Health experts have said it will likely be weeks before the world has good data about how omicron may reduce the effectiveness of current vaccines, but Moderna has already announced a three-point strategy to combat the new variant.
Moderna says its strategy for responding to omicron involves three options for boosting COVID-19 vaccination, should the variant prove problematic for current vaccines.
The three options, according to a Friday release from the company: A higher dose booster, shots currently being studied that are designed to “anticipate mutations such as those that have emerged in the Omicron variant” and an omicron-specific booster — which is already in the works.
Andy Slavitt, who previously served as President Joe Biden’s White House senior adviser for COVID response, said in a tweet that both Moderna and Pfizer-BioNTech have estimated a vaccine to combat a new variant could be developed in about 3 months, with some regulatory and logistical hurtles to follow.
“If we start in early December, new vaccines could be available by summer in much of the world,” Slavitt tweeted.
Multiple media organizations on Friday reported Pfizer-BioNTech is studying the new variant and expects data within weeks. If warranted, a targeted vaccine could be developed within 6 weeks and ship within 100 days, the reports say.
Johnson & Johnson is also testing its current vaccine against omicron, according to CNBC.
Professor Andrew Pollard, director of the Oxford Vaccine Group, told BBC radio he was cautiously optimistic existing COVID vaccines would be effective in preventing serious illness from the omicron variant, adding that mutations in omicron appear to be in similar regions as the mutations in other variants.

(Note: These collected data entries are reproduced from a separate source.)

Lemma mweight_S_weight (R : numDomainType) V G S M :
  uniq V -> irreflexive G -> (forall x y, G x y -> y \in V) ->
  is_matching V G M ->
  mweight V (S_weight R S) M = (count (fun v => S v && matched M v) V)%:R.
Proof.
move=> uV Girr GV Mmatch; rewrite -(sum_matched_pairs uV GV Mmatch S Girr) natr_sum.
by apply: eq_bigr => v _; case: (M v) => // u; case: ifP.
Qed.

Lemma same_view_S_edges (R : numDomainType) T v (V1 V2 : seq nat) (E1 E2 : rel nat)
    (S1 S2 : nat -> bool) (el1 el2 : nat -> nat -> unit) :
  (forall x y, E1 x y -> y \in V1) -> v \in V1 ->
  same_view T v V1 E1 S1 el1 V2 E2 S2 el2 ->
  same_view T v V1 (S_edges S1 E1) (fun _ => tt) (S_weight R S1)
                V2 (S_edges S2 E2) (fun _ => tt) (S_weight R S2).
Proof.
move=> EV1 vV [sameS sameE]; split=> [//|x y T0 xb].
have xb' : x \in ball V1 E1 T.-1 v := ball_subrel (@S_edges_sub S1 E1) xb.
have [E12 _] := sameE x y T0 xb'.
have TS : T = T.-1.+1 by rewrite prednK.
have Sx : S1 x = S2 x.
  by apply: sameS; rewrite TS ball_succ // (ball_mem vV xb').
rewrite /S_edges -E12; case E1xy: (E1 x y) => //=.
have Sy : S1 y = S2 y.
  by apply: sameS; rewrite TS; apply: ball_nbr xb' (EV1 _ _ E1xy) E1xy.
by rewrite /S_weight Sx Sy.
Qed.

“That tells you that despite those mutations existing in other variants the vaccines have continued to prevent serious disease as we’ve moved through alpha, beta, gamma and delta,” Pollard, whose team developed the AstraZeneca vaccines, said. “At least from a speculative point of view we have some optimism that the vaccine should still work against a new variant for serious disease but really we need to wait several weeks to have that confirmed.”
– Joel Shannon, USA TODAY & The Associated Press
Just when things were looking up for airlines and the rest of the travel industry, another COVID-19 variant has emerged. Early reports of the omicron variant instantly sparked restrictions on travel.
The United States, which lifted a pandemic-long travel ban from dozens of international countries including South Africa on Nov. 8, on Monday will reinstitute the ban for foreign nationals from eight African countries.
“We’re going to be cautious, make sure there is no travel to and from South Africa and six other countries in that region. Except for American citizens who are able to come back,” President Joe Biden said Friday.